[Data]

(* If $f:S\to T$ is a nested tuple morphism, then $\mathrm{coal}(L_f)=L_{\mathrm{coal}(f)}$.
   Context: Nested tuples (of positive integers): a positive integer or a finite tuple of nested tuples; flattening $X^\flat$ = integer leaves left to right, $\mathrm{len}$, $\mathrm{entry}_i$. $\langle n\rangle_*=\{*,1,\dots,n\}$. A layout is $L=S:D$ with congruent nested tuples $S$ (positive) and $D$ (nonnegative); $L^\flat=S^\flat:D^\flat$. For a flat layout $L=(s_1,\dots,s_m):(d_1,\dots,d_m)$, $\mathrm{squeeze}(L)$ removes all modes $s_i:d_i$ with $s_i=1$, and $\mathrm{coal}^\flat(L)$ is obtained from $\mathrm{squeeze}(L)$ by repeatedly replacing adjacent modes $s_i,s_{i+1}:d_i,d_{i+1}$ with $d_{i+1}=s_id_i$ by the single mode $s_is_{i+1}:d_i$ until no such pair remains. For a layout $L$, writing $\mathrm{coal}^\flat(L^\flat)=(s_1,\dots,s_m):(d_1,\dots,d_m)$: $\mathrm{coal}(L)$ is this flat layout if $m>1$, the depth-$0$ layout $s_1:d_1$ if $m=1$, and $1:0$ if $m=0$. A tuple morphism $f:(s_1,\dots,s_m)\to(t_1,\dots,t_n)$ is given by a pointed map $\alpha:\langle m\rangle_*\to\langle n\rangle_*$ with each $j\ne*$ having at most one preimage and $s_i=t_{\alpha(i)}$ whenever $\alpha(i)\ne*$; a nested tuple morphism $f:S\to T$ is a tuple morphism $f^\flat:S^\flat\to T^\flat$. The encoded layout $L_f$ has shape $S$ and stride congruent to $S$ with $i$-th flattened entry $0$ if $\alpha(i)=*$ and $\prod_{j<\alpha(i)}t_j$ otherwise (where $T^\flat=(t_1,\dots,t_n)$). Coalesce of a tuple morphism $f$ over $\alpha$: $\mathrm{squeeze}(f)$ is obtained by deleting domain indices $i$ with $s_i=1$ and codomain indices $j$ with $t_j=1$ (renumbering increasingly); write it $(s_1,\dots,s_m)\to(t_1,\dots,t_n)$ over $\beta$. On $\{1,\dots,m\}$, for $i\le i'$ set $i\sim i'$ if either $\beta(i'')=*$ for all $i\le i''\le i'$, or $\beta(i'')=\beta(i)+(i''-i)$ for all $i\le i''\le i'$. On $\{1,\dots,n\}$, for $j\le j'$ set $j\sim j'$ if there is $i$ with $\beta(i+t)=j+t$ for all $0\le t\le j'-j$. The classes are intervals, ordered increasingly, identified with $\{1,\dots,\bar m\}$ and $\{1,\dots,\bar n\}$; $\bar s_{[i]}=\prod_{i'\in[i]}s_{i'}$, $\bar t_{[j]}=\prod_{j'\in[j]}t_{j'}$, $\bar\beta([i])=[\beta(i)]$ (or $*$). Then $\mathrm{coal}^\flat(f):(\bar s_1,\dots,\bar s_{\bar m})\to(\bar t_1,\dots,\bar t_{\bar n})$ lies over $\bar\beta$. For a nested tuple morphism $f$: if $\bar m>1$, $\mathrm{coal}(f)=\mathrm{coal}^\flat(f^\flat)$; if $\bar m=1$, $\mathrm{coal}(f)$ is the morphism from the integer $\bar s_1$ to $(\bar t_1,\dots,\bar t_{\bar n})$ with the same underlying map; if $\bar m=0$, $\mathrm{coal}(f)$ is the morphism from the integer $1$ to $(\bar t_1,\dots,\bar t_{\bar n})$ sending its entry to $*$. *)

From mathcomp Require Import all_boot.
Set Implicit Arguments. Unset Strict Implicit. Unset Printing Implicit Defensive.

(* Nested tuples of positive integers: [nest nat] + positivity.        *)
(* A layout S:D with S, D congruent is encoded as a nested tuple of    *)
(* pairs (s_i, d_i) : nest (nat * nat) (congruence is then automatic). *)
Inductive nest (A : Type) : Type :=
  | NLeaf of A
  | NNode of seq (nest A).
Arguments NLeaf {A}.
Arguments NNode {A}.

Fixpoint flat (A : Type) (t : nest A) : seq A :=
  match t with
  | NLeaf a => [:: a]
  | NNode l => flatten (map (@flat A) l)
  end.

Definition layout := nest (nat * nat).

Fixpoint zipn (A B : Type) (b0 : B) (t : nest A) (ds : seq B)
  : nest (A * B) * seq B :=
  match t with
  | NLeaf a => (NLeaf (a, head b0 ds), behead ds)
  | NNode l =>
      let fix go (l : seq (nest A)) (ds : seq B) : seq (nest (A * B)) * seq B :=
        match l with
        | [::] => ([::], ds)
        | x :: l' =>
            let (x', ds') := zipn b0 x ds in
            let (l'', ds'') := go l' ds' in (x' :: l'', ds'')
        end in
      let (l', ds') := go l ds in (NNode l', ds')
  end.

Definition squeezeL (l : seq (nat * nat)) : seq (nat * nat) :=
  filter (fun p => p.1 != 1) l.

(* Repeatedly merge adjacent modes (s,d),(s',d') with d' = s*d into (s*s',d).
   (The rewriting is confluent; this right fold computes its normal form.) *)
Fixpoint coal_merge (l : seq (nat * nat)) : seq (nat * nat) :=
  match l with
  | [::] => [::]
  | x :: l' =>
      match coal_merge l' with
      | [::] => [:: x]
      | y :: r => if y.2 == x.1 * x.2 then (x.1 * y.1, x.2) :: r
                  else x :: y :: r
      end
  end.

Definition coal_flatL (l : seq (nat * nat)) : seq (nat * nat) :=
  coal_merge (squeezeL l).

Definition coalL (L : layout) : layout :=
  match coal_flatL (flat L) with
  | [::] => NLeaf (1, 0)
  | [:: p] => NLeaf p
  | c => NNode (map NLeaf c)
  end.

(* Tuple morphisms.  Indices are 0-based: domain index i < m, the      *)
(* pointed map alpha is the list [tm_map] of length m, with None = *   *)
(* and Some j meaning alpha(i) = j (j < n).                            *)
Record tmor := TMor { tm_dom : seq nat; tm_cod : seq nat;
                      tm_map : seq (option nat) }.

Definition is_tmor (f : tmor) : Prop :=
  [/\ all (fun s => 0 < s) (tm_dom f), all (fun t => 0 < t) (tm_cod f),
      size (tm_map f) = size (tm_dom f),
      (forall i j, nth None (tm_map f) i = Some j ->
         j < size (tm_cod f) /\ nth 0 (tm_dom f) i = nth 0 (tm_cod f) j) &
      (forall i i' j, nth None (tm_map f) i = Some j ->
         nth None (tm_map f) i' = Some j -> i = i')].

Record ntmor := NTMor { ntm_dom : nest nat; ntm_cod : nest nat;
                        ntm_map : seq (option nat) }.

Definition flat_mor (f : ntmor) : tmor :=
  TMor (flat (ntm_dom f)) (flat (ntm_cod f)) (ntm_map f).

Definition is_ntmor (f : ntmor) : Prop := is_tmor (flat_mor f).

Definition enc_stride (t : seq nat) (o : option nat) : nat :=
  match o with
  | None => 0
  | Some j => foldr muln 1 (take j t)
  end.

Definition Lf (f : ntmor) : layout :=
  (zipn 0 (ntm_dom f) (map (enc_stride (flat (ntm_cod f))) (ntm_map f))).1.

Definition renumC (t : seq nat) (j : nat) : nat :=
  count (fun k => nth 0 t k != 1) (iota 0 j).

Definition squeezeM (f : tmor) : tmor :=
  TMor (filter (fun s => s != 1) (tm_dom f))
       (filter (fun t => t != 1) (tm_cod f))
       [seq omap (renumC (tm_cod f)) p.2
          | p <- zip (tm_dom f) (tm_map f) & p.1 != 1].

Section CoalMor.
Variable g : tmor. (* assumed squeezed *)
Let s := tm_dom g.
Let t := tm_cod g.
Let b := tm_map g.
Let m := size s.
Let n := size t.

(* i ~ i' for i <= i' on the domain *)
Definition relD0 (i i' : nat) : bool :=
  let rng := iota i (i' - i).+1 in
  all (fun k => nth None b k == None) rng
  || ((nth None b i != None) &&
      all (fun k => nth None b k == omap (addn (k - i)) (nth None b i)) rng).

(* j ~ j' for j <= j' on the codomain *)
Definition relC0 (j j' : nat) : bool :=
  has (fun i => all (fun u => nth None b (i + u) == Some (j + u))
                    (iota 0 (j' - j).+1)) (iota 0 m).

Definition leaderD (i : nat) : bool := all (fun k => ~~ relD0 k i) (iota 0 i).
Definition leaderC (j : nat) : bool := all (fun k => ~~ relC0 k j) (iota 0 j).

Definition clsD (i : nat) : nat := (count leaderD (iota 0 i.+1)).-1.
Definition clsC (j : nat) : nat := (count leaderC (iota 0 j.+1)).-1.
Definition mbar : nat := count leaderD (iota 0 m).
Definition nbar : nat := count leaderC (iota 0 n).

Definition sbar : seq nat :=
  [seq foldr muln 1 [seq nth 0 s i | i <- iota 0 m & clsD i == c] | c <- iota 0 mbar].
Definition tbar : seq nat :=
  [seq foldr muln 1 [seq nth 0 t j | j <- iota 0 n & clsC j == c] | c <- iota 0 nbar].
(* bar beta([i]) = [beta(i)], computed at the least element of each class *)
Definition bbar : seq (option nat) :=
  [seq omap clsC (nth None b i) | i <- iota 0 m & leaderD i].

Definition coal_sq : tmor := TMor sbar tbar bbar.
End CoalMor.

Definition coal_flatM (f : tmor) : tmor := coal_sq (squeezeM f).

Definition coalM (f : ntmor) : ntmor :=
  let g := coal_flatM (flat_mor f) in
  let T := NNode (map NLeaf (tm_cod g)) in
  match tm_dom g with
  | [::] => NTMor (NLeaf 1) T [:: None]
  | [:: s1] => NTMor (NLeaf s1) T (tm_map g)
  | sb => NTMor (NNode (map NLeaf sb)) T (tm_map g)
  end.

From mathcomp Require Import all_boot zify.
Set Implicit Arguments. Unset Strict Implicit. Unset Printing Implicit Defensive.

(* Both coalesce operations are "squeeze, then merge".  Squeezing commutes with
   encoding: deleting codomain entries equal to 1 leaves the prefix products
   t_1 * ... * t_(j-1), which are the strides, unchanged.  Once every codomain
   entry exceeds 1 these prefix products are strictly increasing, so the layout
   merge test d_(k+1) = s_k * d_k holds exactly when beta(k+1) = beta(k) + 1 or
   beta(k) = beta(k+1) = *, i.e. when k ~ k+1.  Hence merging groups the modes
   into the domain classes, with shapes the products s-bar.  The stride of a
   class is the prefix product of t up to beta(i), i its least element; by
   injectivity of beta, beta(i) is the least element of its codomain class, so
   this is also the prefix product of t-bar up to [beta(i)]. *)

Section NestInduction.
Variables (A : Type) (P : nest A -> Prop).
Hypothesis P_leaf : forall a, P (NLeaf a).
Hypothesis P_node : forall l, foldr (fun x acc => P x /\ acc) True l -> P (NNode l).

Fixpoint nest_ind_seq (t : nest A) : P t :=
  match t with
  | NLeaf a => P_leaf a
  | NNode l => P_node ((fix all_P l : foldr (fun x acc => P x /\ acc) True l :=
                         if l is x :: l' then conj (nest_ind_seq x) (all_P l') else I) l)
  end.
End NestInduction.

Lemma flat_node_cons (A : Type) (x : nest A) l :
  flat (NNode (x :: l)) = flat x ++ flat (NNode l).
Proof. by []. Qed.

Section Zipn.
Variables (A B : Type) (b0 : B).

Lemma zipn_cons (x : nest A) l ds :
  exists l', (zipn b0 (NNode l) (zipn b0 x ds).2).1 = NNode l' /\
    zipn b0 (NNode (x :: l)) ds =
      (NNode ((zipn b0 x ds).1 :: l'), (zipn b0 (NNode l) (zipn b0 x ds).2).2).
Proof.
rewrite [zipn b0 (NNode (x :: l)) ds]/=; case: (zipn b0 x ds) => x' ds' /=.
by case: (_ l ds') => l' ds''; exists l'.
Qed.

Lemma zip_cat_take (s1 s2 : seq A) (ds : seq B) : size s1 <= size ds ->
  zip (s1 ++ s2) ds = zip s1 ds ++ zip s2 (drop (size s1) ds).
Proof.
elim: s1 ds => [|x s1 IH] ds; first by rewrite drop0; case: ds.
by case: ds => [|d ds] //= le_s1; rewrite IH.
Qed.

Lemma flat_zipn (t : nest A) ds : size (flat t) <= size ds ->
  flat (zipn b0 t ds).1 = zip (flat t) ds /\
  (zipn b0 t ds).2 = drop (size (flat t)) ds.
Proof.
elim/nest_ind_seq: t ds => [a|l]; first by case=> [|d ds] //=; rewrite drop0; case: ds.
elim: l => [|x l IHl]; first by move=> _ ds _; rewrite drop0; case: ds.
move=> [IHx /IHl {}IHl] ds; rewrite flat_node_cons size_cat => le_ds.
have [l' [El ->]] := zipn_cons x l ds; rewrite !flat_node_cons -El.
have [-> Dx] := IHx ds (leq_trans (leq_addr _ _) le_ds).
have [|-> ->] := IHl (zipn b0 x ds).2; first by rewrite Dx size_drop; lia.
rewrite Dx drop_drop zip_cat_take ?(leq_trans (leq_addr _ _) le_ds) //.
by rewrite addnC.
Qed.

Lemma zipn_leaves (l : seq A) ds : size ds = size l ->
  (zipn b0 (NNode (map NLeaf l)) ds).1 = NNode (map NLeaf (zip l ds)).
Proof.
elim: l ds => [|a l IH] [|d ds] // [/IH E].
have [l' [El ->]] := zipn_cons (NLeaf a) (map NLeaf l) (d :: ds).
by rewrite E in El; case: El => <-.
Qed.
End Zipn.

Lemma flat_leaves (A : Type) (l : seq A) : flat (NNode (map NLeaf l)) = l.
Proof. by elim: l => //= a l ->. Qed.

Lemma iota0S n : iota 0 n.+1 = 0 :: map succn (iota 0 n).
Proof. by rewrite /= -[1]/(1 + 0) iotaDl. Qed.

[/Data]

:: Task item ::
All lines above in which the word "muln" occurs should be identified and copied.

:: Task solution ::
  | Some j => foldr muln 1 (take j t)
  [seq foldr muln 1 [seq nth 0 s i | i <- iota 0 m & clsD i == c] | c <- iota 0 mbar].
  [seq foldr muln 1 [seq nth 0 t j | j <- iota 0 n & clsC j == c] | c <- iota 0 nbar].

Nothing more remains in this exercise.